1. Install the Intel Gaudi software as described in the Installation Guide. The supported versions are listed in the Support Matrix.

2. Clone the below repository and install the dependencies. Make sure to include --skip_torch_install flag to avoid overriding the Intel Gaudi PyTorch package. Then, install the torch-model-archiver and torch-workflow-archiver:

   git clone https://github.com/pytorch/serve.git
   cd serve
   python ./ts_scripts/install_dependencies.py --skip_torch_install
   pip install torch-model-archiver torch-workflow-archiver
   

3. Install torchserve:

   pip install torchserve
   

   Or, build from source:

   python ./ts_scripts/install_dependencies.py --skip_torch_install --environment=dev
   python ./ts_scripts/install_from_src.py
   

4. Deploy a model using TorchServe. See ResNet50 model example and BERT model example with custom handler.

ResNet50 Model Example

This section outlines how to deploy a ResNet50 model using TorchServe, based on this tutorial. This example uses a default handler for image classification and an additional handler to set the device to hpu - see image_classifier.py.

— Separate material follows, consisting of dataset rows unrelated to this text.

(* Let $n,p$ be positive integers, $X\in\mathbb{R}^{n\times p}$, $\mathbf y\in\mathbb{R}^n$ and $\delta>0$, and let $\mathbf t\in[0,1)^p$. Then \[ (L_{\mathbf t})_{+}=\frac1n\left[(T_{\mathbf t})_{+}(X^\top X)_{+}(T_{\mathbf t})_{+}+\delta\big(I-(T_{\mathbf t})_{+}^2\big)\right]. \] Furthermore: (i) $(L_{\mathbf t}^{-1})_0=\frac{n}{\delta}I$ and $(L_{\mathbf t}^{-1})_{+}=\big((L_{\mathbf t})_{+}\big)^{-1}$; (ii) $(\widetilde{\boldsymbol\beta}_{\mathbf t})_0=\mathbf 0$ and $(\widetilde{\boldsymbol\beta}_{\mathbf t})_{+}=\big((L_{\mathbf t})_{+}\big)^{-1}\left((\mathbf t)_{+}\odot\left(\frac{X^\top\mathbf y}{n}\right)_{+}\right)$; (iii) $(\mathbf c_{\mathbf t})_0=\mathbf 0$ and $(\mathbf c_{\mathbf t})_{+}=\big((L_{\mathbf t})_{+}\big)^{-1}\big((\mathbf t)_{+}\odot(\mathbf a_{\mathbf t})_{+}\big)$.
   Context: For $\mathbf t\in[0,1)^p$, $T_{\mathbf t}=\mathrm{Diag}(t_1,\dots,t_p)$, $X_{\mathbf t}=XT_{\mathbf t}$, $L_{\mathbf t}=\frac1n[X_{\mathbf t}^\top X_{\mathbf t}+\delta(I-T_{\mathbf t}^2)]$ (invertible for such $\mathbf t$), $\widetilde{\boldsymbol\beta}_{\mathbf t}=L_{\mathbf t}^{-1}(X_{\mathbf t}^\top\mathbf y/n)$, $\mathbf a_{\mathbf t}=\frac{X^\top X}{n}(\mathbf t\odot\widetilde{\boldsymbol\beta}_{\mathbf t})-\frac{X^\top\mathbf y}{n}$ and $\mathbf c_{\mathbf t}=L_{\mathbf t}^{-1}(\mathbf t\odot\mathbf a_{\mathbf t})$, where $\odot$ is the element-wise product and $I$ denotes an identity matrix of the appropriate size. Let $\mathscr P=\{1,\dots,p\}$ and $\mathscr Z_{\mathbf t}=\{j\in\mathscr P: t_j=0\}$. For $\mathbf u\in\mathbb{R}^p$, $(\mathbf u)_{+}$ (resp. $(\mathbf u)_0$) is the vector obtained by deleting the entries with indices in $\mathscr Z_{\mathbf t}$ (resp. in $\mathscr P\setminus\mathscr Z_{\mathbf t}$). For a $p\times p$ matrix $A$, $(A)_{+}$ (resp. $(A)_0$) is the matrix obtained by deleting the rows and columns with indices in $\mathscr Z_{\mathbf t}$ (resp. in $\mathscr P\setminus\mathscr Z_{\mathbf t}$). *)

From HB Require Import structures.
From mathcomp Require Import all_boot all_order all_algebra.
Set Implicit Arguments. Unset Strict Implicit. Unset Printing Implicit Defensive.
Import Order.TTheory GRing.Theory Num.Theory.
Local Open Scope ring_scope.

Section Defs.
Variables (R : realFieldType) (n p : nat).
Variables (X : 'M[R]_(n, p)) (y : 'cV[R]_n) (delta : R) (t : 'cV[R]_p).

Definition hadamard (k : nat) (u v : 'cV[R]_k) : 'cV[R]_k :=
  \col_i (u i 0 * v i 0).

Definition Tmat : 'M[R]_p := diag_mx t^T.
Definition Xt : 'M[R]_(n, p) := X *m Tmat.
Definition Lt : 'M[R]_p :=
  (n%:R)^-1 *: (Xt^T *m Xt + delta *: (1%:M - Tmat *m Tmat)).
Definition betat : 'cV[R]_p := invmx Lt *m ((n%:R)^-1 *: (Xt^T *m y)).
Definition at_ : 'cV[R]_p :=
  ((n%:R)^-1 *: (X^T *m X)) *m hadamard t betat - (n%:R)^-1 *: (X^T *m y).
Definition ct : 'cV[R]_p := invmx Lt *m hadamard t at_.

Definition Zset : {set 'I_p} := [set j | t j 0 == 0].
Definition Pset : {set 'I_p} := ~: Zset.
End Defs.

(* (u)_S : keep the entries indexed by S (in increasing order) *)
Definition subv (R : Type) (p : nat) (S : {set 'I_p}) (u : 'cV[R]_p)
  : 'cV[R]_#|S| := \col_(i < #|S|) u (enum_val i) 0.
Definition subm (R : Type) (p : nat) (S : {set 'I_p}) (A : 'M[R]_p)
  : 'M[R]_#|S| := \matrix_(i < #|S|, j < #|S|) A (enum_val i) (enum_val j).

(** For [j] in [Z_t] the [j]-th row of [L_t] is [(delta/n) e_j^T], since
    [t_j = 0].  If the rows of an invertible [A] indexed by [Z] are [a e_j^T],
    then so are the rows of [A^{-1}] with [a^{-1}], and, the [(Z, P \ Z)]-block
    of [A] being zero, the [P \ Z]-block of [A^{-1}] is the inverse of that of
    [A].  Both [beta~_t] and [c_t] are of the form [L_t^{-1} (t ⊙ u)], and
    [t ⊙ u] vanishes on [Z_t].  Finally [L_t] is invertible because
    [n L_t = X_t^T X_t + D] with [D] diagonal and positive, as [0 <= t_j < 1]. *)

From HB Require Import structures.
From mathcomp Require Import all_boot all_order all_algebra.
From mathcomp Require Import ring lra.
Set Implicit Arguments. Unset Strict Implicit. Unset Printing Implicit Defensive.
Import Order.TTheory GRing.Theory Num.Theory.
Local Open Scope ring_scope.

Section Restriction.
Variables (R : pzRingType) (p : nat) (S : {set 'I_p}).
Implicit Types (A B : 'M[R]_p) (v : 'cV[R]_p).

Lemma submD A B : subm S (A + B) = subm S A + subm S B.
Proof. by apply/matrixP => i j; rewrite !mxE. Qed.

Lemma submB A B : subm S (A - B) = subm S A - subm S B.
Proof. by apply/matrixP => i j; rewrite !mxE. Qed.

Lemma submZ a A : subm S (a *: A) = a *: subm S A.
Proof. by apply/matrixP => i j; rewrite !mxE. Qed.

Lemma subm1 : subm S (1%:M : 'M[R]_p) = 1%:M.
Proof. by apply/matrixP => i j; rewrite !mxE (inj_eq enum_val_inj). Qed.

Lemma subm_mulmx A B :
  (forall i j k, i \in S -> j \in S -> k \notin S -> A i k * B k j = 0) ->
  subm S (A *m B) = subm S A *m subm S B.
Proof.
move=> AB0; apply/matrixP => i j; rewrite !mxE.
rewrite (bigID (mem S)) /= [X in _ + X]big1 ?addr0 => [|k kS]; last first.
  by rewrite AB0 ?enum_valP.
by rewrite big_enum_val; apply: eq_bigr => k _; rewrite !mxE.
Qed.

Lemma subm_mul_diagl A B : is_diag_mx A -> subm S (A *m B) = subm S A *m subm S B.
Proof.
move=> /is_diag_mxP A_diag; apply: subm_mulmx => i j k iS _ kS.
by rewrite A_diag ?mul0r //; apply: contraNneq kS => /val_inj <-.
Qed.

Lemma subm_mul_diagr A B : is_diag_mx B -> subm S (A *m B) = subm S A *m subm S B.
Proof.
move=> /is_diag_mxP B_diag; apply: subm_mulmx => i j k _ jS kS.
by rewrite B_diag ?mulr0 //; apply: contraNneq kS => /val_inj ->.
Qed.

Lemma subv_mulmx A v :
  (forall i k, i \in S -> k \notin S -> A i k * v k 0 = 0) ->
  subv S (A *m v) = subm S A *m subv S v.
Proof.
move=> Av0; apply/matrixP => i j; rewrite !mxE ord1.
rewrite (bigID (mem S)) /= [X in _ + X]big1 ?addr0 => [|k kS]; last first.
  by rewrite Av0 ?enum_valP.
by rewrite big_enum_val; apply: eq_bigr => k _; rewrite !mxE.
Qed.

End Restriction.

Section ScalarRowsInverse.
Variables (R : comUnitRingType) (p : nat) (Z : {set 'I_p}) (A : 'M[R]_p) (a : R).
Hypotheses (A_unit : A \in unitmx) (a_unit : a \is a GRing.unit).
Hypothesis A_scalar_rows : forall j k, j \in Z -> A j k = a *+ (j == k).

Lemma invmx_scalar_rows j k : j \in Z -> invmx A j k = a^-1 *+ (j == k).
Proof.
move=> jZ; have := congr1 (fun M : 'M[R]_p => M j k) (mulmxV A_unit).
rewrite !mxE (bigD1 j) //= big1 ?addr0 => [|m mj]; last first.
  by rewrite A_scalar_rows // eq_sym (negbTE mj) mulr0n mul0r.
rewrite A_scalar_rows // eqxx mulr1n => e.
by rewrite -mulr_natr -e mulKr.
Qed.

Lemma subm_invmx_scalar : subm Z (invmx A) = a^-1 *: 1%:M.
Proof.
apply/matrixP => i j; rewrite !mxE invmx_scalar_rows ?enum_valP //.
by rewrite (inj_eq enum_val_inj) mulr_natr.
Qed.

Lemma subm_invmx_compl : subm (~: Z) (invmx A) = invmx (subm (~: Z) A).
Proof.
have inv_l : subm (~: Z) (invmx A) *m subm (~: Z) A = 1%:M.
  rewrite -subm_mulmx ?mulVmx ?subm1 // => i j k _ jZ; rewrite in_setC negbK => kZ.
  rewrite A_scalar_rows // (_ : (k == j) = false) ?mulr0n ?mulr0 //.
  by apply: contraTF jZ => /eqP <-; rewrite in_setC kZ.
have [_ subA_unit] := mulmx1_unit inv_l.
by rewrite -[LHS]mulmx1 -(mulmxV subA_unit) mulmxA inv_l mul1mx.
Qed.

Section VanishingOnZ.
Variable v : 'cV[R]_p.
Hypothesis v_Z : forall j, j \in Z -> v j 0 = 0.

Lemma subv_invmx_mul : subv Z (invmx A *m v) = 0.
Proof.
rewrite subv_mulmx => [|i k iZ kZ]; last first.
  rewrite invmx_scalar_rows // (_ : (i == k) = false) ?mulr0n ?mul0r //.
  by apply: contraNF kZ => /eqP <-.
rewrite [subv Z v](_ : _ = 0) ?mulmx0 //.
by apply/matrixP => i j; rewrite !mxE v_Z ?enum_valP.
Qed.

Lemma subv_invmx_mul_compl :
  subv (~: Z) (invmx A *m v) = invmx (subm (~: Z) A) *m subv (~: Z) v.
Proof.
rewrite subv_mulmx -?subm_invmx_compl // => i k _.
by rewrite in_setC negbK => /v_Z ->; rewrite mulr0.
Qed.

End VanishingOnZ.
End ScalarRowsInverse.

Lemma unitmx_gram_add_diag (R : realFieldType) m p (M : 'M[R]_(m, p)) (d : 'rV[R]_p) :
  (forall j, 0 < d 0 j) -> M^T *m M + diag_mx d \in unitmx.
Proof.
move=> d_gt0; rewrite unitmxE unitfE; apply/negP => /det0P[v v_neq0 v_ker].
pose w := M *m v^T.
have quad : (v *m (M^T *m M + diag_mx d) *m v^T) 0 0
    = \sum_i w i 0 ^+ 2 + \sum_j d 0 j * v 0 j ^+ 2.
  have gram : v *m (M^T *m M) *m v^T = w^T *m w by rewrite trmx_mul trmxK !mulmxA.
  rewrite mulmxDr mulmxDl gram mxE mul_mx_diag; congr (_ + _); rewrite mxE.
    by apply: eq_bigr => i _; rewrite mxE expr2.
  by apply: eq_bigr => j _; rewrite !mxE expr2 mulrCA mulrA.
have dv_ge0 j : 0 <= d 0 j * v 0 j ^+ 2 by rewrite mulr_ge0 ?sqr_ge0 ?ltW.
have w_ge0 : 0 <= \sum_i w i 0 ^+ 2 by apply: sumr_ge0 => i _; exact: sqr_ge0.
have dv_sum_ge0 : 0 <= \sum_j d 0 j * v 0 j ^+ 2 by exact: sumr_ge0.
move: quad; rewrite v_ker mul0mx mxE => /esym/eqP.
rewrite paddr_eq0 // => /andP[_ /eqP dv0].
move/eqP: v_neq0; apply; apply/matrixP => i j; rewrite ord1 mxE.
have /eqP := psumr_eq0P (fun j _ => dv_ge0 j) dv0 (i := j) isT.
by rewrite mulf_eq0 (gt_eqF (d_gt0 j)) sqrf_eq0 => /eqP.
Qed.

Section LtStructure.
Variables (R : realFieldType) (n p : nat) (X : 'M[R]_(n, p)) (y : 'cV[R]_n).
Variables (delta : R) (t : 'cV[R]_p).

Lemma tr_Tmat : (Tmat t)^T = Tmat t.
Proof. exact: tr_diag_mx. Qed.

Lemma mul_Tmat (u : 'cV[R]_p) : Tmat t *m u = hadamard t u.
Proof. by apply/matrixP => i j; rewrite mul_diag_mx !mxE ord1. Qed.

Lemma hadamard_Zset (u : 'cV[R]_p) j : j \in Zset t -> hadamard t u j 0 = 0.
Proof. by rewrite inE mxE => /eqP ->; rewrite mul0r. Qed.

Lemma subv_hadamard (S : {set 'I_p}) (u v : 'cV[R]_p) :
  subv S (hadamard u v) = hadamard (subv S u) (subv S v).
Proof. by apply/matrixP => i j; rewrite !mxE. Qed.

Lemma Lt_Tmat : Lt X delta t =
  n%:R^-1 *: (Tmat t *m (X^T *m X) *m Tmat t + delta *: (1%:M - Tmat t *m Tmat t)).
Proof. by rewrite /Lt /Xt trmx_mul tr_Tmat !mulmxA. Qed.

Lemma Lt_gram : Lt X delta t =
  n%:R^-1 *: ((Xt X t)^T *m Xt X t + diag_mx (\row_j (delta * (1 - t j 0 ^+ 2)))).
Proof.
rewrite /Lt; congr (_ *: (_ + _)); apply/matrixP => i j.
rewrite /Tmat mul_diag_mx !mxE.
by case: eqP => _; rewrite ?mulr1n ?mulr0n; ring.
Qed.

Lemma Lt_row_Zset j k : j \in Zset t -> Lt X delta t j k = (n%:R^-1 * delta) *+ (j == k).
Proof.
rewrite inE => /eqP tj0; rewrite Lt_gram /Xt /Tmat mul_mx_diag !mxE.
rewrite big1 => [|i _]; last by rewrite !mxE tj0 mulr0 mul0r.
by rewrite tj0 add0r expr0n /= subr0 mulr1 mulrnAr.
Qed.

Lemma Lt_unit : (0 < n)%N -> 0 < delta -> (forall j, 0 <= t j 0 /\ t j 0 < 1) ->
  Lt X delta t \in unitmx.
Proof.
move=> n_gt0 delta_gt0 t01; rewrite Lt_gram unitmxZ; last first.
  by rewrite unitfE invr_eq0 pnatr_eq0 -lt0n.
apply: unitmx_gram_add_diag => j; rewrite mxE.
by have [t0 t1] := t01 j; apply: mulr_gt0 => //; nra.
Qed.

Lemma betatE :
  betat X y delta t = invmx (Lt X delta t) *m hadamard t (n%:R^-1 *: (X^T *m y)).
Proof. by rewrite /betat /Xt trmx_mul tr_Tmat -mulmxA scalemxAr mul_Tmat. Qed.

End LtStructure.

Theorem theorem6 (R : realFieldType) (n p : nat)
  (X : 'M[R]_(n, p)) (y : 'cV[R]_n) (delta : R) (t : 'cV[R]_p) :
  (0 < n)%N -> (0 < p)%N -> 0 < delta ->
  (forall j : 'I_p, 0 <= t j 0 /\ t j 0 < 1) ->
  let P := Pset t in
  let Z := Zset t in
  let L := Lt X delta t in
  let Tp := subm P (Tmat t) in
  subm P L =
    (n%:R)^-1 *: (Tp *m subm P (X^T *m X) *m Tp + delta *: (1%:M - Tp *m Tp))
  /\ (subm Z (invmx L) = (n%:R / delta) *: 1%:M
      /\ subm P (invmx L) = invmx (subm P L))
  /\ (subv Z (betat X y delta t) = 0
      /\ subv P (betat X y delta t) =
         invmx (subm P L) *m hadamard (subv P t) (subv P ((n%:R)^-1 *: (X^T *m y))))
  /\ (subv Z (ct X y delta t) = 0
      /\ subv P (ct X y delta t) =
         invmx (subm P L) *m hadamard (subv P t) (subv P (at_ X y delta t))).
Proof.
move=> n_gt0 _ delta_gt0 t01 P Z L Tp.
have L_unit : L \in unitmx by exact: Lt_unit.
have a_unit : n%:R^-1 * delta \is a GRing.unit.
  by rewrite unitfE mulf_neq0 ?invr_eq0 ?pnatr_eq0 -?lt0n ?gt_eqF.
have Z_rows := Lt_row_Zset X delta (t := t).
have inv_hadamard u : subv Z (invmx L *m hadamard t u) = 0 /\
    subv P (invmx L *m hadamard t u) =
    invmx (subm P L) *m hadamard (subv P t) (subv P u).
  have tu_Z := hadamard_Zset (t := t) u.
  split; first exact: (subv_invmx_mul L_unit a_unit Z_rows tu_Z).
  by rewrite -subv_hadamard /P /Pset; exact: (subv_invmx_mul_compl L_unit Z_rows tu_Z).
split.
  rewrite /L Lt_Tmat submZ submD submZ submB subm1.
  have T_diag : is_diag_mx (Tmat t) := diag_mx_is_diag _.
  by rewrite !(subm_mul_diagr _ _ T_diag) (subm_mul_diagl _ _ T_diag).
split; first split.
- by rewrite (subm_invmx_scalar L_unit a_unit Z_rows) invfM invrK mulrC.
- by rewrite /P /Pset; exact: (subm_invmx_compl L_unit Z_rows).
split; last exact: inv_hadamard.
by rewrite betatE; exact: inv_hadamard.
Qed.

1. Configure torch.compile. In this example, the following config is provided in model-config.yaml file:

   echo "minWorkers: 1
   maxWorkers: 1
   pt2:
   compile:
       enable: True
       backend: hpu_backend" > model-config.yaml
   

   Note

   • The number of maxWorkers you deploy should be equal to or smaller than the number of cards you have in your server or container

   • Batch inference can also be configured in the model-config.yaml file using batchSize and maxBatchDelay parameters. The backend will wait until batchSize requests are aggregated, or a maximum of maxBatchDelay milliseconds. You can read more about batch inference in TorchServe here.

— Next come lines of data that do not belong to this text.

Lemma exists_combination_near_far {I} (F : list (I -> C)) (i : I) (J : list I) eps :
  NoDup F -> 0 < eps -> (2 * length J < length F)%nat ->
  (forall a, In a F -> in_group a /\ Cmod (a i) <> 1) ->
  exists z, (forall j, In j J -> Cmod (Cminus (prod_pow F z j) 1) < eps) /\
    exists a, In a F /\ / 2 <= Cmod (Cminus (zpow_grp a (z a) i) 1).
Proof.
  intros HF He Hlen HFA.
  destruct (polar_near_1 eps He) as [d [Hd Hnear]].
  assert (Hpol : forall a j, In a F -> a j = polar (ln (Cmod (a j))) (Carg (a j)))
    by (intros a j Ha; apply polar_Carg, HFA, Ha).
  assert (Hln : forall a, In a F -> 0 < Rabs (ln (Cmod (a i)))).
  { intros a Ha. destruct (HFA a Ha) as [Hg Hm]. apply Rabs_pos_lt. intro H0. apply Hm.
    rewrite <- (exp_ln (Cmod (a i))), H0, exp_0 by apply Cmod_gt_0, Hg. reflexivity. }
  destruct (exists_nat_mult_ge_1 F _ Hln) as [N [HN HNF]].
  set (cs := map (fun j a => ln (Cmod (a j))) J ++ map (fun j a => Carg (a j)) J).
  destruct (dirichlet_small_combination F cs (d / INR N)) as [z0 [[a0 [Ha0 Hz0]] Hsmall]];
    [exact HF | apply Rdiv_lt_0_compat; assumption
    | unfold cs; rewrite length_app, !length_map; lia |].
  (* scaling by N keeps the forms below d but pushes |z a0 * ln|a0 i|| to at least 1 *)
  set (z := fun a => (Z.of_nat N * z0 a)%Z).
  assert (Hz : forall c, In c cs -> Rabs (lin_comb F z c) < d).
  { intros c Hc. unfold z.
    rewrite lin_comb_scale, <- INR_IZR_INZ, Rabs_mult, (Rabs_right (INR N)) by lra.
    specialize (Hsmall c Hc). apply (Rmult_lt_compat_l (INR N)) in Hsmall; [|exact HN].
    replace (INR N * (d / INR N)) with d in Hsmall by (field; lra). exact Hsmall. }
  exists z. split.
  - intros j Hj.
    rewrite (prod_pow_polar F z j (fun a => ln (Cmod (a j))) (fun a => Carg (a j)))
      by (intros a Ha; apply Hpol, Ha).
    apply Hnear; apply Hz; unfold cs; apply in_or_app; [left|right];
      apply in_map_iff; exists j; auto.
  - exists a0. split; [exact Ha0|]. unfold zpow_grp.
    rewrite (Hpol a0 i Ha0), Czpow_polar. apply polar_far_from_1.
    unfold z. rewrite mult_IZR, <- INR_IZR_INZ, !Rabs_mult, (Rabs_right (INR N)) by lra.
    assert (1 <= Rabs (IZR (z0 a0))) by (rewrite Rabs_Zabs; apply IZR_le; lia).
    pose proof (HNF a0 Ha0). pose proof (Rabs_pos (ln (Cmod (a0 i)))). nra.
Qed.
Lemma rank_cross_neq0 a b : cross a b != 0 -> \rank (col_mx a b) = 2%N.
Proof.
move=> hc; set c := cross a b; apply/eqP; rewrite eqn_leq rank_leq_row /=.
have e : col_mx a b *m row_mx (cross b c)^T (cross c a)^T = (dot c c)%:M.
  rewrite mul_col_mx !mul_mx_row !mulmx_tr_dot scalar_mx_block.
  rewrite (dot_cross_rotr b c a) -/c dot_crossl (dot_cross_rotl b c a) -/c dot_crossr.
  by congr (block_mx _ _ _ _); apply/matrixP=> i j; rewrite !mxE mul0rn.
have := mxrankM_maxl (col_mx a b) (row_mx (cross b c)^T (cross c a)^T).
by rewrite e mxrank_unit // unitmxE det_scalar unitfE expf_neq0 // gt_eqF ?dot_self_gt0.
Qed.

Lemma rank_col_mx_collinear (k l : R) d : (\rank (col_mx (k *: d) (l *: d)) <= 1)%N.
Proof.
have -> : col_mx (k *: d) (l *: d) = col_mx k%:M l%:M *m d.
  by rewrite mul_col_mx !mul_scalar_mx.
exact: leq_trans (mxrankM_maxr _ _) (rank_leq_row _).
Qed.

Lemma rank_col_mx_sub_distinct x y z :
  \rank (col_mx (y - x) (z - x)) = 2%N -> [/\ x != y, x != z & y != z].
Proof.
have low (k l : R) (d : 'rV[R]_3) : \rank (col_mx (k *: d) (l *: d)) != 2%N.
  by apply: contraTneq (rank_col_mx_collinear k l d) => ->.
move=> hr; split; apply/eqP => e; move: hr; rewrite e ?subrr; apply/eqP.
- by move: (low 0 1 (z - y)); rewrite scale0r scale1r.
- by move: (low 1 0 (y - z)); rewrite scale0r scale1r.
- by move: (low 1 1 (z - x)); rewrite scale1r.
Qed.

Lemma mulmx_eq0_on_plane (a b z : 'rV[R]_3) (D : 'M[R]_3) : cross a b != 0 ->
  dot z (cross a b) = 0 -> a *m D = 0 -> b *m D = 0 -> z *m D = 0.
Proof.
move=> hc hz ha hb; have := cross_frame_decomposition a b z.
rewrite /= hz scale0r addr0 => /(congr1 (mulmx^~ D)).
rewrite -!scalemxAl mulmxDl -!scalemxAl ha hb !scaler0 addr0 => /eqP.
by rewrite scaler_eq0 (gt_eqF (dot_self_gt0 hc)) => /eqP.
Qed.

Lemma affine_eq_on_plane (x0 x1 x2 x : 'rV[R]_3) (L M : 'M[R]_3) (t s : 'rV[R]_3) :
  cross (x1 - x0) (x2 - x0) != 0 -> dot (x - x0) (cross (x1 - x0) (x2 - x0)) = 0 ->
  x0 *m L + t = x0 *m M + s -> x1 *m L + t = x1 *m M + s ->
  x2 *m L + t = x2 *m M + s -> x *m L + t = x *m M + s.
Proof.
move=> hc hx e0 e1 e2.
have dE y (K : 'M[R]_3) k : (y - x0) *m K = (y *m K + k) - (x0 *m K + k).
  by rewrite [x0 *m K + k]addrC addrKA mulmxBl.
have dLM y : y *m L + t = y *m M + s -> (y - x0) *m (L - M) = 0.
  by move=> ey; rewrite mulmxBr (dE _ _ t) (dE _ M s) ey e0 subrr.
move/eqP: (mulmx_eq0_on_plane hc hx (dLM _ e1) (dLM _ e2)).
rewrite mulmxBr subr_eq0 (dE _ _ t) (dE _ M s) e0 => /eqP.
by move/(congr1 (+%R^~ (x0 *m M + s))); rewrite !subrK.
Qed.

2. Download the pre-trained model and prepare the model archive:

   wget https://download.pytorch.org/models/resnet50-11ad3fa6.pth
   mkdir model_store
   PT_HPU_LAZY_MODE=0 torch-model-archiver --model-name resnet-50 --version 1.0 --model-file model.py \
       --serialized-file resnet50-11ad3fa6.pth --export-path model_store \
       --extra-files ../../image_classifier/index_to_name.json --handler hpu_image_classifier.py \
       --config-file model-config.yaml
   

   Note

   PT_HPU_LAZY_MODE=0 disables lazy mode. Gaudi’s integration with PyTorch supports three modes of operation: eager, lazy and compile (beta state). Currently lazy is the default, disabling lazy mode via the PT_HPU_LAZY_MODE variable indicates eager mode. However, to enable compile mode you need eager mode and explicit model compilation in the script, which is done by adding the following line in the model-config.yaml file:

   compile:
       enable: True
       backend: hpu_backend"
   

   See Runtime Environment Variables for more details.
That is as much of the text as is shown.